--- Source material ---

Definition madd (m n : multiplier A) : multiplier A.
Proof.
refine (@Multiplier A (fun a => mL m a + mL n a) (fun a => mR m a + mR n a)
  _ _ _ _ _).
- by move=> x y; rewrite !mL_add addrACA.
- by move=> x y; rewrite !mR_add addrACA.
- by move=> a b; rewrite nmulDl !mL_mul.
- by move=> a b; rewrite nmulDr !mR_mul.
- by move=> a b; rewrite nmulDr nmulDl !mLR.
Defined.

Definition mmul (m n : multiplier A) : multiplier A.
Proof.
refine (@Multiplier A (fun a => mL m (mL n a)) (fun a => mR n (mR m a))
  _ _ _ _ _).
- by move=> x y; rewrite !mL_add.
- by move=> x y; rewrite !mR_add.
- by move=> a b; rewrite !mL_mul.
- by move=> a b; rewrite !mR_mul.
- by move=> a b; rewrite mLR mLR.
Defined.

Definition mone : multiplier A.
Proof.
refine (@Multiplier A (fun a => a) (fun a => a) _ _ _ _ _) => //.
Defined.

Definition mu (xi : A) : multiplier A.
Proof.
refine (@Multiplier A (fun a => xi ** a) (fun a => a ** xi) _ _ _ _ _).
- by move=> x y; rewrite nmulDr.
- by move=> x y; rewrite nmulDl.
- by move=> a b; rewrite nmulA.
- by move=> a b; rewrite nmulA.
- by move=> a b; rewrite nmulA.
Defined.

End MultOps.

Definition mult_rhom (A B : nuRing) (phi : multiplier A -> multiplier B) : Prop :=
  (forall m n, phi (madd m n) = madd (phi m) (phi n)) /\
  (forall m n, phi (mmul m n) = mmul (phi m) (phi n)).

Definition mult_unital (A B : nuRing) (phi : multiplier A -> multiplier B) : Prop :=
  phi (mone A) = mone B.

(* Strict continuity, A and B discrete.  The strict topology on M(A) has as a
   neighbourhood base at m the sets
     { m' | m' a = m a and a m' = a m for all a in as },  as a finite list.
   Continuity of phi at every point, stated via these neighbourhood bases. *)
Definition strictly_continuous (A B : nuRing)
    (phi : multiplier A -> multiplier B) : Prop :=
  forall (m : multiplier A) (bs : seq B),
    exists as_ : seq A, forall m' : multiplier A,
      (forall a, a \in as_ -> mL m' a = mL m a /\ mR m' a = mR m a) ->
      forall b, b \in bs -> mL (phi m') b = mL (phi m) b /\
                            mR (phi m') b = mR (phi m) b.

Definition mult_extends (A B : nuRing) (f : A -> B)
    (phi : multiplier A -> multiplier B) : Prop :=
  forall a : A, phi (mu a) = mu (f a).

(* A multiplier m of A acts on B = f(A)B by  m (sum_i f(a_i) b_i) := sum_i f(m a_i) b_i.
   This is well defined: B = B f(A) and, B having local units, left
   multiplication by the elements c f(a) separates points of B, while
   c f(a) f(m a_i) b_i = c f(a m) f(a_i) b_i only involves sum_i f(a_i) b_i.
   Together with the symmetric right action this gives the extension, which is
   strictly continuous because its value at b only involves m at the finitely
   many a_i of one fixed representation of b.
   Conversely, applying continuity of an extension phi at 1 to a single b gives
   finitely many elements of A; a common two-sided unit u for them makes
   mu(u) close to 1, so mu(f u) = phi(mu u) acts trivially on b, i.e.
   b = f(u) b = b f(u).  Uniqueness holds since phi(m)(f(a) b) = f(m a) b for
   every multiplicative extension phi, and these elements span B. *)
From mathcomp Require Import all_boot all_order all_algebra.
From Stdlib Require Import ProofIrrelevance FunctionalExtensionality ClassicalEpsilon.
Set Implicit Arguments. Unset Strict Implicit. Unset Printing Implicit Defensive.
Import GRing.Theory.
Local Open Scope ring_scope.

Lemma additive_map0 (V W : zmodType) (g : V -> W) :
  {morph g : x y / x + y} -> g 0 = 0.
Proof. by move=> gD; apply: (addrI (g 0)); rewrite -gD !addr0. Qed.

Section NuRingTheory.
Variable A : nuRing.
Implicit Types x y z : A.

Lemma nmulr0 x : x ** 0 = 0.
Proof. exact: (additive_map0 (nmulDr x)). Qed.

Lemma nmul0r x : 0 ** x = 0.
Proof. exact: (additive_map0 (fun y z => nmulDl y z x)). Qed.

Lemma nmulrN x y : x ** (- y) = - (x ** y).
Proof. by apply/eqP; rewrite -subr_eq0 opprK -nmulDr addNr nmulr0. Qed.

Lemma nmulNr x y : (- x) ** y = - (x ** y).
Proof. by apply/eqP; rewrite -subr_eq0 opprK -nmulDl addNr nmul0r. Qed.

---

* **Task to carry out**
The response should be the listing above, limited to the lines between the one holding "Definition strictly_continuous (A B : nuRing)" and the one holding "finitely many elements", inclusive, reproduced exactly.

* **Response to the exercise**
Definition strictly_continuous (A B : nuRing)
    (phi : multiplier A -> multiplier B) : Prop :=
  forall (m : multiplier A) (bs : seq B),
    exists as_ : seq A, forall m' : multiplier A,
      (forall a, a \in as_ -> mL m' a = mL m a /\ mR m' a = mR m a) ->
      forall b, b \in bs -> mL (phi m') b = mL (phi m) b /\
                            mR (phi m') b = mR (phi m) b.

Definition mult_extends (A B : nuRing) (f : A -> B)
    (phi : multiplier A -> multiplier B) : Prop :=
  forall a : A, phi (mu a) = mu (f a).

(* A multiplier m of A acts on B = f(A)B by  m (sum_i f(a_i) b_i) := sum_i f(m a_i) b_i.
   This is well defined: B = B f(A) and, B having local units, left
   multiplication by the elements c f(a) separates points of B, while
   c f(a) f(m a_i) b_i = c f(a m) f(a_i) b_i only involves sum_i f(a_i) b_i.
   Together with the symmetric right action this gives the extension, which is
   strictly continuous because its value at b only involves m at the finitely
   many a_i of one fixed representation of b.
   Conversely, applying continuity of an extension phi at 1 to a single b gives
   finitely many elements of A; a common two-sided unit u for them makes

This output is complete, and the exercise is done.